PlainRecalls
FDA Devices Moderate Class II Terminated

ARCHITECT MAGNESIUM, (a) REF 7D70-21, (b) 7D70-31 The Magnesium assay is used for the quantitation of magnesium in human serum, plasma, or urine.

Reported: March 13, 2019 Initiated: January 2, 2019 #Z-0971-2019

Product Description

ARCHITECT MAGNESIUM, (a) REF 7D70-21, (b) 7D70-31 The Magnesium assay is used for the quantitation of magnesium in human serum, plasma, or urine.

Reason for Recall

Abbott internal testing has identified that the Magnesium urine application demonstrates depressed urine result recovery. All samples >0.5mEq/L fail the linearity acceptance criteria for the bias specification and demonstrate depressed recovery of up to 37%. The specific cause of the negative bias/depressed results is currently under investigation.

Details

Recalling Firm
Abbott Laboratories, Inc
Units Affected
24,995 units
Distribution
Worldwide Distribution: US (nationwide) and to countries of: CHINA, THAILAND, GUATEMALA, and EL SALVADOR.
Location
Irving, TX

Frequently Asked Questions

What product was recalled?
ARCHITECT MAGNESIUM, (a) REF 7D70-21, (b) 7D70-31 The Magnesium assay is used for the quantitation of magnesium in human serum, plasma, or urine.. Recalled by Abbott Laboratories, Inc.

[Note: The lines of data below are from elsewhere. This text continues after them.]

Lemma nf_decomposition y : in_subgroup m n Agens y -> nf_decomposable y.
Proof.
  induction 1 as [y Hy|g y x Hg _ IH Hx|g y x Hg _ IH Hx].
  - exists []. split; [apply in_subgroup_nil|].
    rewrite (act_geq _ _ _ Hy valid0). exact Hy.
  - apply nf_decomposable_geq with (wpow g 1 ++ y).
    + rewrite Hx. change (wpow g 1) with (g ++ []). now rewrite app_nil_r.
    + now apply nf_decomposable_gen_wpow.
  - apply nf_decomposable_geq with (wpow g (-1) ++ y).
    + rewrite Hx. change (wpow g (-1)) with (winv g ++ []). now rewrite app_nil_r.
    + now apply nf_decomposable_gen_wpow.
Qed.

Lemma act_nf0_moved y :
  in_subgroup m n Agens y -> ~ in_subgroup m n Hgens y -> act cg M y nf0 <> nf0.
Proof.
  intros Hy HyH E. destruct (nf_decomposition y Hy) as [h [Hh Hyh]].
  apply HyH. rewrite Hyh, E. exact Hh.
Qed.

Lemma shift_act_inj y s s' :
  in_subgroup m n Agens y -> ~ in_subgroup m n Hgens y ->
  shift s (act cg M y nf0) = shift s' (act cg M y nf0) -> s = s'.
Proof. intros Hy HyH. apply (shift_inj M); auto using act_valid, act_nf0_moved. Qed.

Lemma act_twisted_CF a b c d y :
  act cg M (wpow C a ++ wpow F b ++ y ++ wpow C c ++ wpow F d) nf0
  = shift (N * b) (act cg M y nf0).
Proof.
  rewrite !act_app, (act_F_wpow d), shift_nf0, (act_C_wpow c), (act_C_wpow a), (act_F_wpow b);
    auto using act_valid, shift_valid.
Qed.

Lemma twisted_FC_CF a b c d y :
  geq m n (wpow F a ++ wpow C b ++ y ++ wpow F c ++ wpow C d)
          (wpow C b ++ wpow F a ++ y ++ wpow C d ++ wpow F c).
Proof.
  assert (Hab := wcommute_wpow2 m n _ _ b a wcommute_CF).
  assert (Hcd := wcommute_wpow2 m n _ _ d c wcommute_CF).
  unfold wcommute in Hab, Hcd.
  rewrite app_assoc, <- Hab, <- !app_assoc, <- Hcd. reflexivity.
Qed.

Lemma twisted_CF_unique a b c d a' b' c' d' y :
  in_subgroup m n Agens y -> ~ in_subgroup m n Hgens y ->
  geq m n (wpow C a ++ wpow F b ++ y ++ wpow C c ++ wpow F d)
          (wpow C a' ++ wpow F b' ++ y ++ wpow C c' ++ wpow F d') ->
  b = b' /\ d = d'.
Proof.
  intros Hy HyH E. split.
  - pose proof (act_geq _ _ _ E valid0) as Eb. rewrite !act_twisted_CF in Eb.
    apply shift_act_inj in Eb; auto. nia.
  - apply geq_winv in E. rewrite !winv_twisted, !twisted_FC_CF in E.
    pose proof (act_geq _ _ _ E valid0) as Ed. rewrite !act_twisted_CF in Ed.
    apply shift_act_inj in Ed; auto using in_subgroup_winv.
    + nia.
    + intro H. apply HyH. rewrite <- winvK. now apply in_subgroup_winv.
Qed.

Lemma twisted_FC_unique a b c d a' b' c' d' y :
  in_subgroup m n Agens y -> ~ in_subgroup m n Hgens y ->
  geq m n (wpow F a ++ wpow C b ++ y ++ wpow F c ++ wpow C d)
          (wpow F a' ++ wpow C b' ++ y ++ wpow F c' ++ wpow C d') ->
  a = a' /\ c = c'.
Proof. rewrite !twisted_FC_CF. apply twisted_CF_unique. Qed.

End CosetAction.

Section Twisted.
Variables (m n : nat) (y : word).

Lemma expsum_twisted g al be ga de :
  expsum g (twisted m n y al be ga de)
  = (al + ga) * Z.of_nat m * expsum g wa + (be + de) * Z.of_nat n * expsum g wb + expsum g y.
Proof. unfold twisted, wc, wd. rewrite !expsum_app, !expsum_wpow. lia. Qed.

Lemma twisted_expsum_a al be ga de al' be' ga' de' : (0 < m)%nat ->
  geq m n (twisted m n y al be ga de) (twisted m n y al' be' ga' de') -> al + ga = al' + ga'.
Proof.
  intros Hm E. apply (expsum_geq m n Ga) in E. rewrite !expsum_twisted in E.
  change (expsum Ga wa) with 1 in E. change (expsum Ga wb) with 0 in E. nia.
Qed.

Lemma twisted_expsum_b al be ga de al' be' ga' de' : (0 < n)%nat ->
  geq m n (twisted m n y al be ga de) (twisted m n y al' be' ga' de') -> be + de = be' + de'.
Proof.
  intros Hn E. apply (expsum_geq m n Gb) in E. rewrite !expsum_twisted in E.
  change (expsum Gb wa) with 0 in E. change (expsum Gb wb) with 1 in E. nia.
Qed.

End Twisted.

Theorem lemma1 (m n : nat) (Hm : (1 < m)%nat) (Hn : (1 < n)%nat) (x y : word) :
  ~ inH m n x -> ~ inH m n y ->
  ((inA m n x -> inA m n y ->
    forall al be ga de al' be' ga' de' : Z,
      geq m n x (twisted m n y al be ga de) ->
      geq m n x (twisted m n y al' be' ga' de') ->
      al + ga = al' + ga' /\ be = be' /\ de = de')
  /\
   (inB m n x -> inB m n y ->
    forall al be ga de al' be' ga' de' : Z,
      geq m n x (twisted m n y al be ga de) ->
      geq m n x (twisted m n y al' be' ga' de') ->
      be + de = be' + de' /\ al = al' /\ ga = ga')).
Proof.
  intros _ HyH. split.
  - intros _ HyA al be ga de al' be' ga' de' E E'. rewrite E in E'.
    split; [exact (twisted_expsum_a m n y _ _ _ _ _ _ _ _ ltac:(lia) E')|].
    apply (twisted_CF_unique m n Ga (Z.of_nat m) (Z.of_nat n) ltac:(lia) ltac:(lia)
             (or_introl eq_refl) al be ga de al' be' ga' de' y HyA HyH E').
  - intros _ HyB al be ga de al' be' ga' de' E E'. rewrite E in E'.
    split; [exact (twisted_expsum_b m n y _ _ _ _ _ _ _ _ ltac:(lia) E')|].
    apply (twisted_FC_unique m n Gb (Z.of_nat n) (Z.of_nat m) ltac:(lia) ltac:(lia)
             (or_intror eq_refl) al be ga de al' be' ga' de' y).
    + revert HyB. apply in_subgroup_incl. intros g. simpl. tauto.
    + intro HyH'. apply HyH. revert HyH'. apply in_subgroup_incl. intros g. simpl. tauto.
    + exact E'.
Qed.
From HB Require Import structures.
From mathcomp Require Import all_boot all_order all_algebra.
From mathcomp Require Import all_classical all_reals all_analysis.
From mathcomp Require Import ring lra.
Set Implicit Arguments. Unset Strict Implicit. Unset Printing Implicit Defensive.
Import Order.TTheory GRing.Theory Num.Theory.
Import numFieldNormedType.Exports.
Local Open Scope classical_set_scope.
Local Open Scope ring_scope.

(* One projected gradient step with stepsize [1/l] moves the iterate closer to the
   minimiser [theta] of the current loss by the factor [kappa]: this combines the
   variational inequality of the projection, strong convexity, and the quadratic
   upper bound of an [l]-smooth convex function (obtained here by repeated
   halving instead of integration).  Hence [a_t = |x_t - theta_t|] satisfies
   [a_0 = 0] and [a_(t+1) <= kappa a_t + |theta_(t+1) - theta_t|], so that
   [(1 - kappa) sum a_t <= sum |theta_(t+1) - theta_t|].  A step moves the
   iterate by at most [G/l] (the gradient is bounded by [G] on [X]) and by at
   most [2 a_t] (both ends are within [a_t] of [theta_t]), whence
   [|x_(t+1) - x_t|^2 <= 2 (G/l) a_t]; summing gives the bound. *)

Section Euclidean.
Context {R : realType} {n : nat}.
Implicit Types (u v w : 'rV[R]_n) (k : R).

Lemma dotvC u v : dotv u v = dotv v u.
Proof. by apply: eq_bigr => i _; rewrite mulrC. Qed.

Lemma dotvDl u v w : dotv (u + v) w = dotv u w + dotv v w.
Proof. by rewrite /dotv -big_split; apply: eq_bigr => i _; rewrite mxE mulrDl. Qed.

Lemma dotvZl k u w : dotv (k *: u) w = k * dotv u w.
Proof. by rewrite /dotv mulr_sumr; apply: eq_bigr => i _; rewrite mxE mulrA. Qed.

Lemma dotvNl u w : dotv (- u) w = - dotv u w.
Proof. by rewrite -scaleN1r dotvZl mulN1r. Qed.

Lemma dotvBl u v w : dotv (u - v) w = dotv u w - dotv v w.
Proof. by rewrite dotvDl dotvNl. Qed.

Lemma dotvDr u v w : dotv w (u + v) = dotv w u + dotv w v.
Proof. by rewrite !(dotvC w) dotvDl. Qed.

Lemma dotvZr k u w : dotv w (k *: u) = k * dotv w u.
Proof. by rewrite !(dotvC w) dotvZl. Qed.

Lemma dotvNr u w : dotv w (- u) = - dotv w u.
Proof. by rewrite !(dotvC w) dotvNl. Qed.

Lemma dotvBr u v w : dotv w (u - v) = dotv w u - dotv w v.
Proof. by rewrite !(dotvC w) dotvBl. Qed.

Lemma dotv0r u : dotv u 0 = 0.
Proof. by rewrite -(scale0r 0) dotvZr mul0r. Qed.

Lemma dotv_ge0 u : 0 <= dotv u u.
Proof. by apply: sumr_ge0 => i _; rewrite -expr2 sqr_ge0. Qed.

Lemma dotv_eq0 u : (dotv u u == 0) = (u == 0).
Proof.
rewrite psumr_eq0 => [|i _]; last by rewrite -expr2 sqr_ge0.
apply/allP/eqP => [u0|-> i _]; last by rewrite /= mxE mulr0.
apply/rowP => i; apply/eqP; rewrite mxE -sqrf_eq0 expr2.
exact: u0 i (mem_index_enum i).
Qed.

Lemma enorm_ge0 u : 0 <= enorm u.
Proof. exact: sqrtr_ge0. Qed.

Lemma enorm_sqr u : enorm u ^+ 2 = dotv u u.
Proof. by rewrite sqr_sqrtr // dotv_ge0. Qed.

Lemma enormZ k u : enorm (k *: u) = `|k| * enorm u.
Proof. by rewrite /enorm dotvZl dotvZr mulrA -expr2 sqrtrM ?sqr_ge0 // sqrtr_sqr. Qed.

Lemma enorm0 : enorm (0 : 'rV[R]_n) = 0.
Proof. by rewrite /enorm dotv0r sqrtr0. Qed.

Lemma enormN u : enorm (- u) = enorm u.
Proof. by rewrite -scaleN1r enormZ normrN1 mul1r. Qed.

Lemma enorm_distC u v : enorm (u - v) = enorm (v - u).
Proof. by rewrite -enormN opprB. Qed.
Lemma avoiding_gt0 (S : {set I}) : (0 < #|avoiding S|)%N.
Proof.
elim: {S}_.+1 {-2}S (ltnSn #|S|) => // n IH S ltSn.
have [S0|[i iS]] := set_0Vmem S.
  by rewrite S0 /avoiding big_set0 cardsT card_ffun_gt0.
have iNS' : i \notin S :\ i by rewrite !inE eqxx.
have ltS'n : (#|S :\ i| < n)%N by move: ltSn; rewrite (cardsD1 i S) iS.
rewrite -(setD1K iS) avoiding_setU1 cardsD setIC.
have := avoiding_cond_le ltS'n iNS'; have := IH _ ltS'n.
nia.
Qed.

Theorem lovasz_local_lemma : exists w : Om, forall i, w \notin A i.
Proof.
have /card_gt0P[w /avoidingP avT] := avoiding_gt0 setT.
by exists w => i; apply: avT; rewrite inE.
Qed.

End LovaszLocalLemma.

Section UniformProbability.
Variables (R : realFieldType) (X Y : finType).
Hypothesis Y_gt0 : (0 < #|Y|)%N.
Local Notation Om := {ffun X -> Y}.
Local Open Scope ring_scope.

Definition Pr (A : {set Om}) : R := #|A|%:R / #|Om|%:R.

Let Om_neq0 : #|Om|%:R != 0 :> R. Proof. by rewrite pnatr_eq0 -lt0n card_ffun_gt0. Qed.

Lemma Pr_mulr_le1 (A : {set Om}) n : (Pr A * n%:R <= 1) = (#|A| * n <= #|Om|)%N.
Proof.
by rewrite /Pr mulrAC ler_pdivrMr ?ltr0n ?card_ffun_gt0 // mul1r -natrM ler_nat.
Qed.

Lemma Pr_setT : Pr setT = 1.
Proof. by rewrite /Pr cardsT divff. Qed.

Lemma Pr_setC (A : {set Om}) : Pr (~: A) = 1 - Pr A.
Proof.
apply: (mulIf Om_neq0); rewrite mulrBl mul1r !mulfVK // -(cardsC A) natrD.
by rewrite addrC addKr.
Qed.

Lemma Pr_setI_indep (A B : {set Om}) (D : {set X}) :
  depends_on A D -> depends_on B (~: D) -> Pr (A :&: B) = Pr A * Pr B.
Proof.
move=> dA dB; have /(congr1 (fun n => n%:R : R)) := card_setI_indep dA dB.
rewrite !natrM /Pr => eq_card.
have -> : #|A :&: B|%:R = #|A|%:R * #|B|%:R / #|Om|%:R :> R by rewrite -eq_card mulfK.
by field.
Qed.

Lemma Pr_coord (x : X) (y : Y) : Pr [set w : Om | w x == y] = #|Y|%:R^-1.
Proof.
have fibre_neq0 : #|[set w : Om | w x == y]|%:R != 0 :> R.
  by rewrite pnatr_eq0 -lt0n; apply/card_gt0P; exists [ffun=> y]; rewrite inE ffunE.
have /(congr1 (fun n => n%:R : R)) := card_coord_eq x y.
by rewrite natrM /Pr => <-; rewrite invfM mulrA mulfV ?mul1r.
Qed.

Units affected: 24,995 units.
Why was this product recalled?
Abbott internal testing has identified that the Magnesium urine application demonstrates depressed urine result recovery. All samples >0.5mEq/L fail the linearity acceptance criteria for the bias specification and demonstrate depressed recovery of up to 37%. The specific cause of the negative bias/depressed results is currently under investigation.
Which agency issued this recall?
This recall was issued by the FDA Devices on March 13, 2019. Severity: Moderate. Recall number: Z-0971-2019.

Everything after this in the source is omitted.